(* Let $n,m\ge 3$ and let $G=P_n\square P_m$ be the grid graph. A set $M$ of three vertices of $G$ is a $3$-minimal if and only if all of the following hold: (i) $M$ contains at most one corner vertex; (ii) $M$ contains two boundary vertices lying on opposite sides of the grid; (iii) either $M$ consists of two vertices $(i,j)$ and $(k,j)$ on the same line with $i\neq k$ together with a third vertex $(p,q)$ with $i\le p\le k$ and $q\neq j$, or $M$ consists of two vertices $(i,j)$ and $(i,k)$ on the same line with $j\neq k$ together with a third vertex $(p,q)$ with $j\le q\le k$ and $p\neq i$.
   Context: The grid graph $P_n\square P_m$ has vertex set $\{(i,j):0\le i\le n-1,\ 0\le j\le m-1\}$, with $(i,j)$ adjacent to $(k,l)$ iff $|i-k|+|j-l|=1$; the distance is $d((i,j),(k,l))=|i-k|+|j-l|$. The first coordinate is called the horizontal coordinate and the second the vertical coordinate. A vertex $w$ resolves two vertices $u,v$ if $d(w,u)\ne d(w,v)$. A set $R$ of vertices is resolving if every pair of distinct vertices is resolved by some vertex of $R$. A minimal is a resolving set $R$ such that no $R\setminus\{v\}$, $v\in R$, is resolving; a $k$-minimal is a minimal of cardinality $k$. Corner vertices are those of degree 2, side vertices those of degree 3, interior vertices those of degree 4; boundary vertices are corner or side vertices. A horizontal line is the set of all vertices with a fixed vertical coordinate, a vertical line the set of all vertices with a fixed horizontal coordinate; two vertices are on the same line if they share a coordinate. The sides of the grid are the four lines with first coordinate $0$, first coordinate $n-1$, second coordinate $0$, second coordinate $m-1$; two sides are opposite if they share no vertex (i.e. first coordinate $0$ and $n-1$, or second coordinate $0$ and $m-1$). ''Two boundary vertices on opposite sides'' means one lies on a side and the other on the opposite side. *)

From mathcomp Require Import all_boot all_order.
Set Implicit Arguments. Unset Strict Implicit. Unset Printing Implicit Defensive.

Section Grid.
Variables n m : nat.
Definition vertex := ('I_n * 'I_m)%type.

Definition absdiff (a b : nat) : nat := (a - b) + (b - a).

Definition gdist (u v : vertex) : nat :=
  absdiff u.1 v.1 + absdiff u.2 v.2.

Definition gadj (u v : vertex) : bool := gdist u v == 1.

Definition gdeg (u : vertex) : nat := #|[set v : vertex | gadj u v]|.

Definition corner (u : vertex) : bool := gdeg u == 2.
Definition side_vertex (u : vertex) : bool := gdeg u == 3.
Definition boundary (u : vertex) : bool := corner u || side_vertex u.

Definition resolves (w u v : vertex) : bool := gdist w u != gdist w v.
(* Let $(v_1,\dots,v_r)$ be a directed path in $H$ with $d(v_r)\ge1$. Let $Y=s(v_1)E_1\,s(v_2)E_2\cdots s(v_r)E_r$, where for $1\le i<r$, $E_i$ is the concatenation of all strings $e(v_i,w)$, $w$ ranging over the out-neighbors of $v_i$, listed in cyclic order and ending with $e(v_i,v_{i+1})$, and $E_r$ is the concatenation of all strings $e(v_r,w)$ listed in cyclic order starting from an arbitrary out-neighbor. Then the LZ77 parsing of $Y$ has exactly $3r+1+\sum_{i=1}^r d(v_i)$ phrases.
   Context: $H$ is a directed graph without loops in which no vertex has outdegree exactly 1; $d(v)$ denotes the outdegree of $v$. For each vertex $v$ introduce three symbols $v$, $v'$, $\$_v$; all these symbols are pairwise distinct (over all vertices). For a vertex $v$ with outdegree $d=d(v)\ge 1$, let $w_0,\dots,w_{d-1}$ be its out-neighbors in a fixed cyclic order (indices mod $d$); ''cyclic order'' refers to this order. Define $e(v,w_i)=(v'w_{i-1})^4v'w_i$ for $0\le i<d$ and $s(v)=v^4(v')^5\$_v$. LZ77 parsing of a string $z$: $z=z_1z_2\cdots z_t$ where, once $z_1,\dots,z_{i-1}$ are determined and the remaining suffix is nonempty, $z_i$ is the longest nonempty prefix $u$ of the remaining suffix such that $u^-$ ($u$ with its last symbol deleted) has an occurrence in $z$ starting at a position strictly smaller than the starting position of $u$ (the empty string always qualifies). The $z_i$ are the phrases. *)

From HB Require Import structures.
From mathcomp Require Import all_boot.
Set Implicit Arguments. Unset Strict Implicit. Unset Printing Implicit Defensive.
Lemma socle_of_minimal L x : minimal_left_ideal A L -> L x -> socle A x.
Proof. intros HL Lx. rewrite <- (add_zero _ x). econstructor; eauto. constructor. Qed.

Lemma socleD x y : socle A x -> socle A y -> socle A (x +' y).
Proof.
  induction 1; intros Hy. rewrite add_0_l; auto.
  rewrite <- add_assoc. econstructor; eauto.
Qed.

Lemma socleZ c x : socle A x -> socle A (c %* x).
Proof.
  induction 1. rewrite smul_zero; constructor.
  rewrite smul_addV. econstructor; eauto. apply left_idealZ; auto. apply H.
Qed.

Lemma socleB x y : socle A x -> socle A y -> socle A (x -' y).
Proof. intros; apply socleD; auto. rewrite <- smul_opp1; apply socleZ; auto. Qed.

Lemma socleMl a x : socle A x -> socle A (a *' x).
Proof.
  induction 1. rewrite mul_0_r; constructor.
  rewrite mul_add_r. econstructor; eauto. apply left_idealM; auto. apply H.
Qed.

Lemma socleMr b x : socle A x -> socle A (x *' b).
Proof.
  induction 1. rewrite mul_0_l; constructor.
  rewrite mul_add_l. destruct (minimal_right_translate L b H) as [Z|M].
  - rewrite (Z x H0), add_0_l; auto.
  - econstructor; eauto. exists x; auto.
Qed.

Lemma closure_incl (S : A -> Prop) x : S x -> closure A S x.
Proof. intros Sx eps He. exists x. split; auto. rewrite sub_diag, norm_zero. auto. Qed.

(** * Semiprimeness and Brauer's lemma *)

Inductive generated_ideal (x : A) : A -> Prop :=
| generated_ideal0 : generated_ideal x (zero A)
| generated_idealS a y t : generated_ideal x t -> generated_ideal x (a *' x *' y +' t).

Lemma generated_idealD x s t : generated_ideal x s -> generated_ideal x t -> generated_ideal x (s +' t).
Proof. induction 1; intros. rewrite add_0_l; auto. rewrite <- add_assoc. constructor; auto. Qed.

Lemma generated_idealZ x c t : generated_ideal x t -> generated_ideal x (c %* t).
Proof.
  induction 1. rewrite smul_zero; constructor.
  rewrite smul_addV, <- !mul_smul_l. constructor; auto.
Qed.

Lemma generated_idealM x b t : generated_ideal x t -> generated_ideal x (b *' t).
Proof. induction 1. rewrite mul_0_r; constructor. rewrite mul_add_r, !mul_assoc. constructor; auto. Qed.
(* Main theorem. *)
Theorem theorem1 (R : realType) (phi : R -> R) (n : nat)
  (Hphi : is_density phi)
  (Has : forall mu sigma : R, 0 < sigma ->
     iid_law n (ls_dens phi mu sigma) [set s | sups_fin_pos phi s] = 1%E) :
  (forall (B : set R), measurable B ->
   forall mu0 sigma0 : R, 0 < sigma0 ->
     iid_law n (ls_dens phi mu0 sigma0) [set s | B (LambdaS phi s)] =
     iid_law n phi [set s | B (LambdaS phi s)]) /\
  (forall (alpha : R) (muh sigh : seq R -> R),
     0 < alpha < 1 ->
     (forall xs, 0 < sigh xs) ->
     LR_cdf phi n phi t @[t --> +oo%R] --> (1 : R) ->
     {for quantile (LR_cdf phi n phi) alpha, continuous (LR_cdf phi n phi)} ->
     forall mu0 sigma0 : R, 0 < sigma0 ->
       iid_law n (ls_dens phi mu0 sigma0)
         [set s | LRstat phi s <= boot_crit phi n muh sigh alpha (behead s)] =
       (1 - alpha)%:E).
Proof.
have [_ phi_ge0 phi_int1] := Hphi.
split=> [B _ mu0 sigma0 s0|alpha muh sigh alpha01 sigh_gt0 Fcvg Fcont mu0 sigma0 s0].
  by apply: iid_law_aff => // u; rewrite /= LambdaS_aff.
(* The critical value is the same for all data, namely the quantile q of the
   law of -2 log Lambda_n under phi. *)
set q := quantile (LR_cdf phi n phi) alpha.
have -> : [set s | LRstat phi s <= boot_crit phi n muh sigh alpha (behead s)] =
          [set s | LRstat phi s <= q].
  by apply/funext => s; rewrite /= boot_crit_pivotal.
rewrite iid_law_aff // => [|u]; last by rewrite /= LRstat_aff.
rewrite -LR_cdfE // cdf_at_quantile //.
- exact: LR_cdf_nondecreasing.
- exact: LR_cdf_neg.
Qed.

+--

- _AIM OF THE EXERCISE_
Among the lines of the listing above, count those that hold the string "gdist", giving the count alone.

- _EXPECTED OUTPUT_
3